Given an undirected graph, you are supposed to tell if it is Eulerian, semi-Eulerian, or non-Eulerian.

Input Specification:

Each input file contains one test case. Each case starts with a line containing 2 numbers N (<= 500), and M, which are the total number of vertices, and the number of edges, respectively. Then M lines follow, each describes an edge by giving the two ends of the edge (the vertices are numbered from 1 to N).

Output Specification:

For each test case, first print in a line the degrees of the vertices in ascending order of their indices.

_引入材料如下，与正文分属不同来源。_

(* If $D$ is a quaternary near-extremal Hermitian self-dual code of length $24$ and $\alpha$ denotes the number of codewords of weight $8$ in $D$, then $\alpha=9\beta$ for some integer $\beta$ with $1\le\beta\le 253$.
   Context: Let $\mathbb{F}_4=\{0,1,\omega,\omega^2\}$ with $\omega^2=\omega+1$. A quaternary code of length $n$ is a linear subspace of $\mathbb{F}_4^n$; it is Hermitian self-dual if it equals its dual with respect to $\langle x,y\rangle_H=\sum_k x_k y_k^2$. The weight of a vector is the number of nonzero coordinates. A quaternary Hermitian self-dual code of length $24$ is near-extremal if its minimum nonzero weight is $8$. *)

From mathcomp Require Import all_boot all_order all_algebra all_field.
Set Implicit Arguments. Unset Strict Implicit. Unset Printing Implicit Defensive.
Import GRing.Theory.
Local Open Scope ring_scope.

(* Quaternary codes: F is a finite field with #|F| = 4 (unique up to iso, i.e. F_4). *)

Definition wt (F : finFieldType) (n : nat) (x : 'rV[F]_n) : nat :=
  #|[set i : 'I_n | x 0 i != 0]|.

Definition herm (F : finFieldType) (n : nat) (x y : 'rV[F]_n) : F :=
  \sum_(k < n) x 0 k * (y 0 k) ^+ 2.

Definition herm_self_dual (F : finFieldType) (n : nat) (C : {vspace 'rV[F]_n}) : Prop :=
  forall x : 'rV[F]_n, (x \in C) <-> (forall y : 'rV[F]_n, y \in C -> herm x y = 0).

Definition min_weight (F : finFieldType) (n : nat) (C : {vspace 'rV[F]_n}) (d : nat) : Prop :=
  (exists2 x, x \in C & (x != 0) && (wt x == d)) /\
  (forall x, x \in C -> x != 0 -> (d <= wt x)%N).

Definition num_weight (F : finFieldType) (n : nat) (C : {vspace 'rV[F]_n}) (w : nat) : nat :=
  #|[set x : 'rV[F]_n | (x \in C) && (wt x == w)]|.

From Stdlib Require Import BinInt.
From mathcomp Require Import all_boot all_order all_algebra all_field.
From mathcomp Require Import mxabelem zify ssrZ.
Set Implicit Arguments. Unset Strict Implicit. Unset Printing Implicit Defensive.
Import GRing.Theory Num.Theory.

Then in the next line print your conclusion about the graph – either “Eulerian”, “Semi-Eulerian”, or “Non-Eulerian”. Note that all the numbers in the first line must be separated by exactly 1 space, and there must be no extra space at the beginning or the end of the line.

Sample Input 1:
7 12
5 7
1 2
1 3
2 3
2 4
3 4
5 2
7 6
6 3
4 5
6 4
5 6
Sample Output 1:
2 4 4 4 4 4 2
Eulerian
Sample Input 2:
6 10
1 2
1 3
2 3
2 4
3 4
5 2
6 3
4 5
6 4
5 6
Sample Output 2:
2 4 4 4 3 3
Semi-Eulerian
Sample Input 3:
5 8
1 2
2 5
5 4
4 1
1 3
3 2
3 4
5 3
Sample Output 3:
3 3 4 3 3
Non-Eulerian

题目大意

欧拉图，根据题意判断，对于一个联通图，若所有点的度都是偶数，则为”Eulerian”，若仅有两个点的度为奇数，则为”Semi-Eulerian”，否则为”Non-Eulerian”。

解题报告

首先为联通图，用dfs判断。
其次记录每个点的度数，用于后面判断。

代码

/*
* Problem: 1126. Eulerian Path (25)
* Author: HQ
* Time: 2018-03-12
* State: Done
* Memo: 图，dfs
*/
#include "iostream"
using namespace std;

int N,M;
int degree[500 + 5];
int G[500 + 5][500 + 5];
int visit[500 + 5];
int even = 0;
int cnt = 0;

void dfs(int x) {
    visit[x] = 1;
    cnt++;
    for (int i = 1; i <= N; i++) {
        if (!visit[i] && G[x][i])
            dfs(i);
    }
}

int main() {
    cin >> N >>M;
    int x, y;
    fill(degree, degree + 500 + 5, 0);
    fill(visit, visit + 500 + 5, 0);
    for (int i = 0; i < M; i++) {
        cin >> x >> y;
        G[x][y] = 1;
        G[y][x] = true;
        degree[x] ++;
        degree[y] ++;
    }
    bool first = true;
    for (int i = 1; i <= N; i++) {
        if (first) {
            cout << degree[i];
            first = false;
        }
        else
            cout << " " << degree[i];
        if (degree[i] % 2 == 0)
            even++;
    }
    cout << endl;
    dfs(1);
    if(cnt != N)
        cout << "Non-Eulerian" << endl;
    else if (even == N)
        cout << "Eulerian" << endl;
    else if(even == N-2)
        cout << "Semi-Eulerian" << endl;
    else
        cout << "Non-Eulerian" << endl;

    system("pause");
}